Oliver shoves his hands into his pockets, raising his eyebrows at the mortician. “You’re a ray of sunshine, Bochowitz. Thank you for brightening my day.” He hurries off down the hallway toward the canteen, trying not to look like a man who is terrified of needles and is running from the prospect. Which is exactly what he is.

“I’ll take your blood for you if you like?” Dr. Bochowitz offers.

“Sure.” I follow him into an examination room, my body relaxing now that the threat of imminent death is off the table. Though I tense up pretty quickly when I see the look of concern on Bochwitz’s face. His expression, usually serene and unaffected by much, is drawn into a contemplative frown. He folds his arms across his chest as soon as I’ve sat down.

“What? What is it?”

“Did you get a good look at the girl’s abdomen?”

“What do you mean? I saw the blisters on her ribcage and I raised the alarm.”

“Nannette had something written on her side. I found it when I carried out the autopsy.”

A sinking feeling of dread twists through me. This
something
that he’s found written on her can’t possibly be good if he’s this stern about it. Dr. Bochowitz retrieves his cell phone from his pocket and tampers with the buttons until he finds what he’s looking for. He holds out the device for me to see and suddenly it feels like my whole stomach is trying to escape my body via my mouth.

Property of Dr. Sloane Romera
.

The letters are drawn in a slanting, messy scrawl across pale skin in what looks like sharpie. How the fuck did I miss this? And why? Why would anyone have done that?
My
name? On
my
patient? In
my
hospital? Oh my god.

“It’s relatively fresh,” Bochowitz tells me. “Usually sweat or natural sloughing of the dermis means that things like this fade fairly quickly, but the ink on Nannette is still prominent, which means it happened very recently.”

“Was there…” I swallow, feeling bile rise at the back of my throat. “Was there anything else?”

Bochowitz’s mouth pulls to the side; he scratches at a tuft of hair on the side of his head. “Aside from the remarkably personal tag marking the victim as your personal property? No. No, so far I haven’t located any other clue as to why Nannette was targeted for this attack. Or anything to really confirm that it
was
an attack. I just saw the ink and thought I’d better tell you first, before I showed anyone else.”

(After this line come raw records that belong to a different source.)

Lemma measurable_active_time_set J : measurable (active_time_set J).
Proof.
pose Z i := (fun t => ip M (y t) (nv i) - c i t) @^-1` [set 0].
have Z_meas i : measurable (Z i).
  have ip_meas : measurable_fun setT (fun t => ip M (y t) (nv i)).
    rewrite /ip; under eq_fun do rewrite -mulmxA.
    by apply: measurable_mulmx_entry => a; exact: measurable_lipschitz_entry y_lip.
  have [Lc c_lipL] := c_lip i.
  have c_meas : measurable_fun setT (c i).
    by apply: continuous_measurable_fun; exact: lipschitz_continuous c_lipL.
  rewrite -[Z i]setTI.
  exact: (measurable_funB ip_meas c_meas measurableT (measurable_set1 0)).
have -> : active_time_set J = \bigcap_(i in setT) (if i \in J then Z i else ~` Z i).
  apply/seteqP; split => t /=.
    move=> <- i _; rewrite inE; case: eqP => [e|ne] /=; first by rewrite /Z /= e subrr.
    by move/subr0_eq.
  move=> tJ; apply/setP => i; rewrite inE; have := tJ i I.
  case: (i \in J) => [/subr0_eq/eqP //|Zn]; apply/eqP => e.
  by apply: Zn; rewrite /Z /= e subrr.
apply: fin_bigcap_measurable; first exact: finite_finset.
by move=> i _; case: ifP => _; [|apply: measurableC].
Qed.

Lemma measurable_multiplier_fun i : measurable_fun setT (multiplier_fun i).
Proof.
apply: measurable_maxr; first exact: measurable_cst.
apply: measurable_sum => J; apply: measurable_funM.
  by apply: measurable_indic; exact: measurable_active_time_set.
apply: measurable_mulmx_entry => a; under eq_fun do rewrite mxE.
by apply: measurable_funN; exact: measurable_limsup_quotient.
Qed.

Lemma multiplier_fun_bounded i : exists B, forall t, `|multiplier_fun i t| <= B.
Proof.
exists (\sum_(J : {set 'I_k}) \sum_a L * `|multipliers_mx M nv J a i|) => t.
rewrite /multiplier_fun; set X := \sum_J _.
have X_le : `|Num.max 0 X| <= `|X| by case: (leP 0 X); rewrite ?normr0.
apply: le_trans X_le _; apply: le_trans (ler_norm_sum _ _ _) _.
apply: ler_sum => J _; rewrite normrM indicE.
apply: (@le_trans _ _ (1 * `|(- limsup_quotient L y t *m multipliers_mx M nv J) 0 i|)).
  by apply: ler_wpM2r => //; case: (_ \in _); rewrite ?normr1 ?normr0.
rewrite mul1r; apply: norm_mulmx_entry_le => a.
by rewrite mxE normrN; exact: norm_limsup_quotient_le.
Qed.

End MultiplierFunctions.

Theorem lemma6 (R : realType) (n k : nat) (M : 'M[R]_n)
  (nv : 'I_k -> 'rV[R]_n) (c : 'I_k -> R -> R) (T : R) (x : R -> 'rV[R]_n) :
  is_inner_product_matrix M ->
  (forall i, globally_lipschitz (c i)) ->
  (forall t, t \in `[0, T] -> polyhedron M nv c t !=set0) ->
  (forall t y, t \in `[0, T] -> polyhedron M nv c t y ->
      lin_indep_on nv (active M nv c t y)) ->
  is_solution M (polyhedron M nv c) T x ->
  exists lam : 'I_k -> R -> R,
    (forall i t, t \in `[0, T] -> 0 <= lam i t) /\
    (forall i, (@lebesgue_measure R).-integrable `[0, T] (fun t => (lam i t)%:E)) /\
    {ae (@lebesgue_measure R), forall t, t \in `[0, T] ->
       - derive1 x t = \sum_(i < k) lam i t *: nv i}.
Proof.
move=> M_ip c_lip _ nv_indep [[L0 x_lip] [_ x_ae]].
pose L := Num.max L0 0; have L_ge0 : 0 <= L by rewrite le_max lexx orbT.
pose xe := x \o clamp 0 T.
have xe_lip s t : `|xe s - xe t| <= L * `|s - t|.
  apply: lipschitz_clamp L_ge0 _ s t => s t s_in t_in.
  by apply: le_trans (x_lip s t s_in t_in) _; rewrite ler_wpM2r // le_max lexx.
exists (multiplier_fun M nv c L xe); split; [|split].
- by move=> i t _; exact: multiplier_fun_ge0.
- move=> i; have [B lam_le] := multiplier_fun_bounded M nv c L xe L_ge0 i.
  have lam_meas := measurable_multiplier_fun M nv c L xe xe_lip c_lip i.
  exact: integrable_itv_bounded lam_meas lam_le.
apply: (filterS2 (ae_filter_ringOfSetsType lebesgue_measure) _ (ae_neq 0) x_ae).
move=> t t_neq0 x_t t_in.
have [x_dvb x_normal] := x_t t_in.
have [t_ge0 t_le_T] : 0 <= t /\ t <= T by move: t_in; rewrite in_itv => /andP.
have xeE s : 0 <= s <= t -> xe s = x s.
  move=> /andP[s_ge0 s_le_t].
  by rewrite /xe /= clamp_id // in_itv /= s_ge0 (le_trans s_le_t).
have q_cvg : backward_quotient xe ^~ t @ \oo --> derive1 x t.
  have := cvg_backward_quotient x_dvb; apply: cvg_trans; apply: near_eq_cvg.
  apply: near_eq_backward_quotient (_ : 0 < t) _ => [|s]; last by rewrite subrr => /xeE.
  by rewrite lt_neqAle eq_sym t_neq0.
have x_indep := nv_indep t _ t_in x_normal.1.
apply: eq_trans (normal_cone_polyhedron_span M nv c t M_ip x_normal x_indep) _.
apply: eq_bigr => i _.
rewrite (multiplier_funE M nv c L xe xe_lip i q_cvg) xeE ?lexx ?t_ge0 // max_r //.
exact: normal_cone_polyhedron_multipliers_ge0.
Qed.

I close my eyes, trying to get my head around this. A woman. A random woman off the street, dying. My head pounds as I consider the life of this woman. Her fiancé in Florida who still doesn’t know she’s dead; the children they might have had together; the career Nannette worked so hard for; whether she has parents who will be grief stricken by her death. I’m hit with each new thought like a succession of bombs going off inside my head. I know it with a sickening surety: her death is linked to my relationship with Zeth. It has to be. I never had any bodies addressed to me before I started spending time with him, that’s for sure. I draw as much air into my lungs as possible. “Have you passed this onto the cops yet?” I ask.

“Our systems are linked. I’ll have to go down and submit my findings now. There’s a lot of people waiting on this information, Sloane. I doubt it will be long before they come looking for you.”

I nod, eyes still closed.

“They’re going to want to question you, you realize?”

“I know.” I take in another deep breath. Open my eyes. Bochowitz’s face has softened with worry now. He reaches out and places his hand on my shoulder.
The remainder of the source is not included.